Start of Block

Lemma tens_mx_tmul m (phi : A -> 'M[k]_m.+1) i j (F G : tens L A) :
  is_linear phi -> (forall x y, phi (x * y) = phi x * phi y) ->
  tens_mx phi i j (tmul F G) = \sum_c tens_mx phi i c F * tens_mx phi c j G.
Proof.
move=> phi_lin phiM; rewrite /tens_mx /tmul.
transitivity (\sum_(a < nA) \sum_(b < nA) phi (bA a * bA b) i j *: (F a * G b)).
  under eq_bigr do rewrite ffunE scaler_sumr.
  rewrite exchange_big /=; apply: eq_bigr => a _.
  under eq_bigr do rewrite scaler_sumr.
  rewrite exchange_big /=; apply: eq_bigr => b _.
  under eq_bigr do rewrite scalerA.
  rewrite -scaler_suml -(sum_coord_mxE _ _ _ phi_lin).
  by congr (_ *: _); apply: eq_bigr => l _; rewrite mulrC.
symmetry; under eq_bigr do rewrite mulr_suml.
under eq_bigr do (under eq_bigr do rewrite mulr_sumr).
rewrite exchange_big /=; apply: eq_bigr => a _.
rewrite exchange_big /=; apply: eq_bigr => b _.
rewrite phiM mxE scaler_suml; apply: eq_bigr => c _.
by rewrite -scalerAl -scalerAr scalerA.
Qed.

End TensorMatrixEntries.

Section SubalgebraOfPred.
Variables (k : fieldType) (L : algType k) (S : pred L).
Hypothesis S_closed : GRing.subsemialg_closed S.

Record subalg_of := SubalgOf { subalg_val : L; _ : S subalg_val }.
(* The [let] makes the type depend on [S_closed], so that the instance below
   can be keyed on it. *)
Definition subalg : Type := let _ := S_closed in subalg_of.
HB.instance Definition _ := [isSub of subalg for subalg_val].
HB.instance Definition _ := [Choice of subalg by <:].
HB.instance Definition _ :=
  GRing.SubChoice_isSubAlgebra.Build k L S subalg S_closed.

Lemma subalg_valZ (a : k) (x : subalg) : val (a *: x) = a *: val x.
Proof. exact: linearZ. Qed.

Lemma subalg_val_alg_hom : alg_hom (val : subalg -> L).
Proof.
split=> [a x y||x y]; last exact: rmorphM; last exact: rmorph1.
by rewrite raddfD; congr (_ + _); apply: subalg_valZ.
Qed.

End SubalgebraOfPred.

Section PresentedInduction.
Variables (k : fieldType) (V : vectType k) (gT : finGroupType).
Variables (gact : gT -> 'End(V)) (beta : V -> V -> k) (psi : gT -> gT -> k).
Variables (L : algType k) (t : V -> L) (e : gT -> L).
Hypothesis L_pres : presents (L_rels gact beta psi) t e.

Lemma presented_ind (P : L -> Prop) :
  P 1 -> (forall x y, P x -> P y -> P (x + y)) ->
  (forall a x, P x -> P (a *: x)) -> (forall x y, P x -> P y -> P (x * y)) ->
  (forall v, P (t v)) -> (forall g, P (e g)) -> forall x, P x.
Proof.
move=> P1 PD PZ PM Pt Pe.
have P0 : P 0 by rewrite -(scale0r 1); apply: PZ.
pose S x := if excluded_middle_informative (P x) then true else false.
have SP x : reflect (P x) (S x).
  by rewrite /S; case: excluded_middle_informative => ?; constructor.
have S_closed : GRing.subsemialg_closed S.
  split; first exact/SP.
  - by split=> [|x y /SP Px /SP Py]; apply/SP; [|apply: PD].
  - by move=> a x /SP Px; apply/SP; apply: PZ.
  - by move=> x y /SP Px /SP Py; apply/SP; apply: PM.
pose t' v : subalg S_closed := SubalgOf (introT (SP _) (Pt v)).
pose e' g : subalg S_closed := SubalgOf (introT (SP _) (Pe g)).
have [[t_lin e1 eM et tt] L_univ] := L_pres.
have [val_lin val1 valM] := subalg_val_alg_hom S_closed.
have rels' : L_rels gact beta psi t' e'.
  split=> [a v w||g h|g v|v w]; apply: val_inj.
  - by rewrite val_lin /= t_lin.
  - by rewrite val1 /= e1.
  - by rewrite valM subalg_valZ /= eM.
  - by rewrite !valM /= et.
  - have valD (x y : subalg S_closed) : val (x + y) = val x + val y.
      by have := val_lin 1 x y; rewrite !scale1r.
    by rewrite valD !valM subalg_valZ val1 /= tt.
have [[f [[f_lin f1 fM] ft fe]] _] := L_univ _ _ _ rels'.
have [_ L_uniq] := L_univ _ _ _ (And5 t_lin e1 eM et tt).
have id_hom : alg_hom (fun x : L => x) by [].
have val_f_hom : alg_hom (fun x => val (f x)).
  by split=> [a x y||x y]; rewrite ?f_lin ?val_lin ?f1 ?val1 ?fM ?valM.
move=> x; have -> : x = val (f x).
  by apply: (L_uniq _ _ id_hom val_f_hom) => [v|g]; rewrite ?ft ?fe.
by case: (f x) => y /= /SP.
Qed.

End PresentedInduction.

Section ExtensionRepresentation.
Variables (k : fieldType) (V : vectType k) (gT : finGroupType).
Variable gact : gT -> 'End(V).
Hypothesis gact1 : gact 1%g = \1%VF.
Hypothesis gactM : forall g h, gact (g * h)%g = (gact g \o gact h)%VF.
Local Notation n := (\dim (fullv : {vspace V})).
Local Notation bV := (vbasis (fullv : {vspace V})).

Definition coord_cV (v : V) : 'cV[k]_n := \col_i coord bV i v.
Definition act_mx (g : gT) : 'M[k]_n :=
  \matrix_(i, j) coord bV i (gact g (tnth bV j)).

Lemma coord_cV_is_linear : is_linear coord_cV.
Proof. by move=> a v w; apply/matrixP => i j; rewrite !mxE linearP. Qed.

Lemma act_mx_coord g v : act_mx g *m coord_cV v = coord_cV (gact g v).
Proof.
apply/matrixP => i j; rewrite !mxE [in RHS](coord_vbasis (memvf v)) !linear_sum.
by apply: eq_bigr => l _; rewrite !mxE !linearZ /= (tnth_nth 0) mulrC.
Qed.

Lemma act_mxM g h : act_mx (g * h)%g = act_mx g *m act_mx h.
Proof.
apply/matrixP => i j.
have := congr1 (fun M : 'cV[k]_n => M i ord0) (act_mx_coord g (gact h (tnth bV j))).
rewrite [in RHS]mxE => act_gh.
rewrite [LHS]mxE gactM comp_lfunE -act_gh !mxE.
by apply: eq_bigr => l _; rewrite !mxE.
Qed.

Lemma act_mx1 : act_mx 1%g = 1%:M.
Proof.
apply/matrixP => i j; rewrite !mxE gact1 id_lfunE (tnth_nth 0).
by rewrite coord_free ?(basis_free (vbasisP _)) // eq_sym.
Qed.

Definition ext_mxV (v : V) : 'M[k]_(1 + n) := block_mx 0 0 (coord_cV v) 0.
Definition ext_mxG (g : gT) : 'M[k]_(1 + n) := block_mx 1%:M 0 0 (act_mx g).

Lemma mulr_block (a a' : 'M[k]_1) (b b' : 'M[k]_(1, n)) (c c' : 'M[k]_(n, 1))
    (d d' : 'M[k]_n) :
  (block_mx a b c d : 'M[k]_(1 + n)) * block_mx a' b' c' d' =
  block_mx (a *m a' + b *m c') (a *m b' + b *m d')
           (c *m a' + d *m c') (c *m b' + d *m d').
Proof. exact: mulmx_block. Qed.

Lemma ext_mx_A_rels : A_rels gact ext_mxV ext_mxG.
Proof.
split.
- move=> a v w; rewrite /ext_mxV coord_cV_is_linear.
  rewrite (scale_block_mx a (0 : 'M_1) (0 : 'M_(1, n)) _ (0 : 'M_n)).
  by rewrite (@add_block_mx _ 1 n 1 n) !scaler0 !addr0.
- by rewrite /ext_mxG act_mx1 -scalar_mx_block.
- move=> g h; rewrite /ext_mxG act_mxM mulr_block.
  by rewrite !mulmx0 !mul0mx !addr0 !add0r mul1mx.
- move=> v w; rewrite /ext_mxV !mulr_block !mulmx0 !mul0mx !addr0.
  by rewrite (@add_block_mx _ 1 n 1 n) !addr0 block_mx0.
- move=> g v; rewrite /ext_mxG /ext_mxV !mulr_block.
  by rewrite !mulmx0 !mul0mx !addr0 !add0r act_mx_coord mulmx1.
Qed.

End of Block

■ **What the task requires**
From the records above, transcribe exactly the run of lines that opens with the line holding "(* The [let]" and closes with the line holding "GRing.SubChoice_isSubAlgebra.Build k L", both included.

■ **Result**
(* The [let] makes the type depend on [S_closed], so that the instance below
   can be keyed on it. *)
Definition subalg : Type := let _ := S_closed in subalg_of.
HB.instance Definition _ := [isSub of subalg for subalg_val].
HB.instance Definition _ := [Choice of subalg by <:].
HB.instance Definition _ :=
  GRing.SubChoice_isSubAlgebra.Build k L S subalg S_closed.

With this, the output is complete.